If $$\frac{{{{\sin }^2}\phi - 3\sin \phi + 2}}{{{{\cos }^2}\phi }} = 1,$$     where 0° < $$\phi $$ < 90° then what is the value of (cos2$$\phi $$ - sin3$$\phi $$ + cosec2$$\phi $$)?

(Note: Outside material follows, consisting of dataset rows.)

(* For every positive integer $n$, $$\Phi(n)=\begin{cases} 2n\prod_{p\mid n}\left(1-\frac{\beta(p)}{p}\right), & \text{if } 4\mid n;\\ n\prod_{p\mid n}\left(1-\frac{\beta(p)}{p}\right), & \text{otherwise},\end{cases}$$ where the products run over the primes $p$ dividing $n$.
   Context: For a positive integer $n$, let $\mathcal{G}_n=\{a+bi\in\mathbb{Z}[i]/n\mathbb{Z}[i] : a^2+b^2\equiv 1 \pmod n\}$ and $\Phi(n)=|\mathcal{G}_n|$. For an odd prime $p$, $\beta(p)=\left(\frac{-1}{p}\right)$ is the Legendre symbol, and $\beta(2)=0$. *)

From HB Require Import structures.
From mathcomp Require Import all_boot all_order all_algebra.
Set Implicit Arguments. Unset Strict Implicit. Unset Printing Implicit Defensive.
Import Order.TTheory GRing.Theory Num.Theory.

(* G_n = { a + b i in Z[i]/nZ[i] : a^2 + b^2 = 1 mod n }.
   Z[i]/nZ[i] is identified with pairs (a,b) of residues mod n,
   represented by 'I_n * 'I_n (a + b i <-> (a, b)). *)
Definition Gn (n : nat) : {set 'I_n * 'I_n} :=
  [set ab : 'I_n * 'I_n | ((ab.1 : nat) ^ 2 + (ab.2 : nat) ^ 2 == 1 %[mod n])%N].

Definition Phi (n : nat) : nat := #|Gn n|.

Local Open Scope ring_scope.
Definition legendre (a : int) (p : nat) : int :=
  if (p%:Z %| a)%Z then 0
  else if [exists x : 'I_p, (p%:Z %| ((x : nat)%:Z ^+ 2 - a))%Z] then 1 else -1.

Definition beta (p : nat) : int := if p == 2%N then 0 else legendre (-1) p.

From HB Require Import structures.
From mathcomp Require Import all_boot all_order all_algebra.
From mathcomp Require Import zify ring lra.
Import Order.TTheory GRing.Theory Num.Theory.

(* The
   proof follows the multiplicative structure of n:
   - Phi is multiplicative on coprime arguments (Chinese remainder theorem);
   - for an odd prime p, stereographic projection from (-1, 0) shows that
     the circle over the field Z/p has p + 1 - #{t | t^2 = -1} = p - beta(p)
     points;
   - Hensel lifting: a point modulo M whose coordinates are not both
     divisible by p has exactly p lifts among the p^2 candidate points modulo
     M p; this gives Phi(p^(k+1)) = p^k Phi(p) for odd p, and
     Phi(2^(k+2)) = 2^(k+3) (a doubling at each step from Phi(4) = 8);
   - the right-hand side [Phi_formula] of the theorem is multiplicative too,
     so the theorem follows by induction over coprime factorisations. *)

Definition on_circle (M a b : nat) : bool := a ^ 2 + b ^ 2 == 1 %[mod M].

Definition circle_count (m M : nat) : nat :=
  \sum_(a < m) \sum_(b < m) on_circle M a b.

Lemma sum_nat_bool_card (T : finType) (P : pred T) :
  \sum_(i : T) (P i : nat) = #|[set i | P i]|.
Proof.
rewrite -sum1_card [RHS]big_mkcond /=; apply: eq_bigr => i _.
by rewrite inE; case: (P i).
Qed.

Lemma Phi_circle_count n : Phi n = circle_count n n.
Proof.
rewrite /Phi /Gn /circle_count pair_big /= sum_nat_bool_card.
by apply: eq_card => -[a b]; rewrite !inE.
Qed.

Lemma on_circle_sqr_congr M a b a' b' :
  a ^ 2 = a' ^ 2 %[mod M] -> b ^ 2 = b' ^ 2 %[mod M] ->
  on_circle M a b = on_circle M a' b'.
Proof. by move=> ea eb; rewrite /on_circle -modnDm ea eb modnDm. Qed.

Lemma on_circle_mod M a b : on_circle M (a %% M) (b %% M) = on_circle M a b.
Proof. apply: on_circle_sqr_congr; exact: modnXm. Qed.

Lemma on_circle_dvd {M N a b : nat} : M %| N -> on_circle N a b -> on_circle M a b.
Proof.
by move=> dMN /eqP e; apply/eqP; have := congr1 (modn^~ M) e; rewrite /= !modn_dvdm.
Qed.

Lemma on_circle_crt m n a b : coprime m n ->
  on_circle (m * n) a b = on_circle m a b && on_circle n a b.
Proof. by move=> co; rewrite /on_circle chinese_remainder. Qed.

Lemma sqr_shift_mod M m a i : M %| 2 * m -> M %| m ^ 2 ->
  (a + m * i) ^ 2 = a ^ 2 %[mod M].
Proof.
move=> /dvdnP[j hj] /dvdnP[k hk].
have -> : (a + m * i) ^ 2 = a ^ 2 + (j * a * i + k * i ^ 2) * M.
  rewrite sqrnD expnMn hk.
  have -> : 2 * (a * (m * i)) = (2 * m) * (a * i) by ring.
  by rewrite hj; ring.
by rewrite addnC modnMDl.
Qed.

Lemma sum_mul_split (F : nat -> nat) m t :
  \sum_(x < m * t) F x = \sum_(i < t) \sum_(a < m) F (a + m * i).
Proof.
elim: t => [|t IH]; first by rewrite muln0 !big_ord0.
rewrite big_ord_recr /= -IH mulnSr big_split_ord /=; congr (_ + _).
by apply: eq_bigr => i _; rewrite addnC.
Qed.

Lemma sum2_mul_split (F : nat -> nat -> nat) m t :
  \sum_(x < m * t) \sum_(y < m * t) F x y =
  \sum_(a < m) \sum_(b < m) \sum_(i < t) \sum_(j < t) F (a + m * i) (b + m * j).
Proof.
rewrite (sum_mul_split (fun x => \sum_(y < m * t) F x y)) exchange_big /=.
apply: eq_bigr => a _.
under eq_bigr => i _ do rewrite (sum_mul_split (F (a + m * i))) exchange_big /=.
by rewrite exchange_big.
Qed.

(* If M divides 2m and m^2, the count over [0, m t)^2 is t^2 times the
   count over [0, m)^2: the circle is periodic of period m in each variable. *)
Lemma circle_count_periodic m M t : M %| 2 * m -> M %| m ^ 2 ->
  circle_count (m * t) M = t ^ 2 * circle_count m M.
Proof.
move=> d2m dm2; rewrite /circle_count (sum2_mul_split (on_circle M)) big_distrr /=.
apply: eq_bigr => a _; rewrite big_distrr /=; apply: eq_bigr => b _.
under eq_bigr => i _ do under eq_bigr => j _ do
  rewrite (@on_circle_sqr_congr _ _ _ a b) ?sqr_shift_mod //.
by rewrite !sum_nat_const !card_ord mulnA mulnn.
Qed.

Solution(By Examveda Team)

$$\eqalign{ & \frac{{{{\sin }^2}\phi - 3\sin \phi + 2}}{{{{\cos }^2}\phi }} = 1 \cr & \Rightarrow {\sin ^2}\phi - 3\sin \phi + 2 = {\cos ^2}\phi \cr & \Rightarrow {\sin ^2}\phi - 3\sin \phi + 2 = 1 - {\sin ^2}\phi \cr & \Rightarrow 2{\sin ^2}\phi - 3\sin \phi + 1 = 0 \cr & \Rightarrow 2{\sin ^2}\phi - 2\sin \phi - \sin \phi + 1 = 0 \cr & \Rightarrow 2\sin \phi \left( {\sin \phi - 1} \right) - 1\left( {\sin \phi - 1} \right) = 0 \cr & \Rightarrow \left( {\sin \phi - 1} \right)\left( {2\sin \phi - 1} \right) = 0 \cr & \therefore \sin \phi = 1\,\,\left( {{\text{not valid}}} \right) \cr & {\text{and }}\sin \phi = \frac{1}{2} \cr & \Rightarrow \sin \phi = \sin {30^ \circ } \cr & \therefore \phi = {30^ \circ } \cr & \therefore \cos 2\phi - \sin 3\phi + {\text{cosec }}2\phi \cr & = \cos {60^ \circ } - \sin {90^ \circ } + {\text{cosec }}{60^ \circ } \cr & = \frac{1}{2} - 1 + \frac{2}{{\sqrt 3 }} \cr & = \frac{2}{{\sqrt 3 }} - \frac{1}{2} \cr & = \frac{{\left( {4 - \sqrt 3 } \right)}}{{2\sqrt 3 }} \times \frac{{\sqrt 3 }}{{\sqrt 3 }} \cr & = \frac{{4\sqrt 3 - 3}}{6} \cr & \cr & {\bf{Alternative:}} \cr & {\text{Put }}\phi = {30^ \circ } \cr & {\text{L}}{\text{.H}}{\text{.S}}{\text{.}} = \frac{{{{\sin }^2}{{30}^ \circ } - 3\sin {{30}^ \circ } + 2}}{{{{\cos }^2}{{30}^ \circ }}} \cr & = \frac{{\frac{1}{4} - \frac{3}{2} + 2}}{{\frac{3}{4}}} \cr & = \frac{{1 - 6 + 8}}{3} \cr & = \frac{3}{3} \cr & = 1 = {\text{R}}{\text{.H}}{\text{.S}}{\text{.}} \cr & \therefore \cos 2\phi - \sin 3\phi + {\text{cosec }}2\phi \cr & = \cos {60^ \circ } - \sin {90^ \circ } + {\text{cosec }}{60^ \circ } \cr & = \frac{1}{2} - 1 + \frac{2}{{\sqrt 3 }} \cr & = - \frac{1}{2} + \frac{2}{{\sqrt 3 }} \cr & = \frac{{\left( { - \sqrt 3 + 4} \right)}}{{2\sqrt 3 }} \times \frac{{\sqrt 3 }}{{\sqrt 3 }} \cr & = \frac{{ - 3 + 4\sqrt 3 }}{6} \cr} $$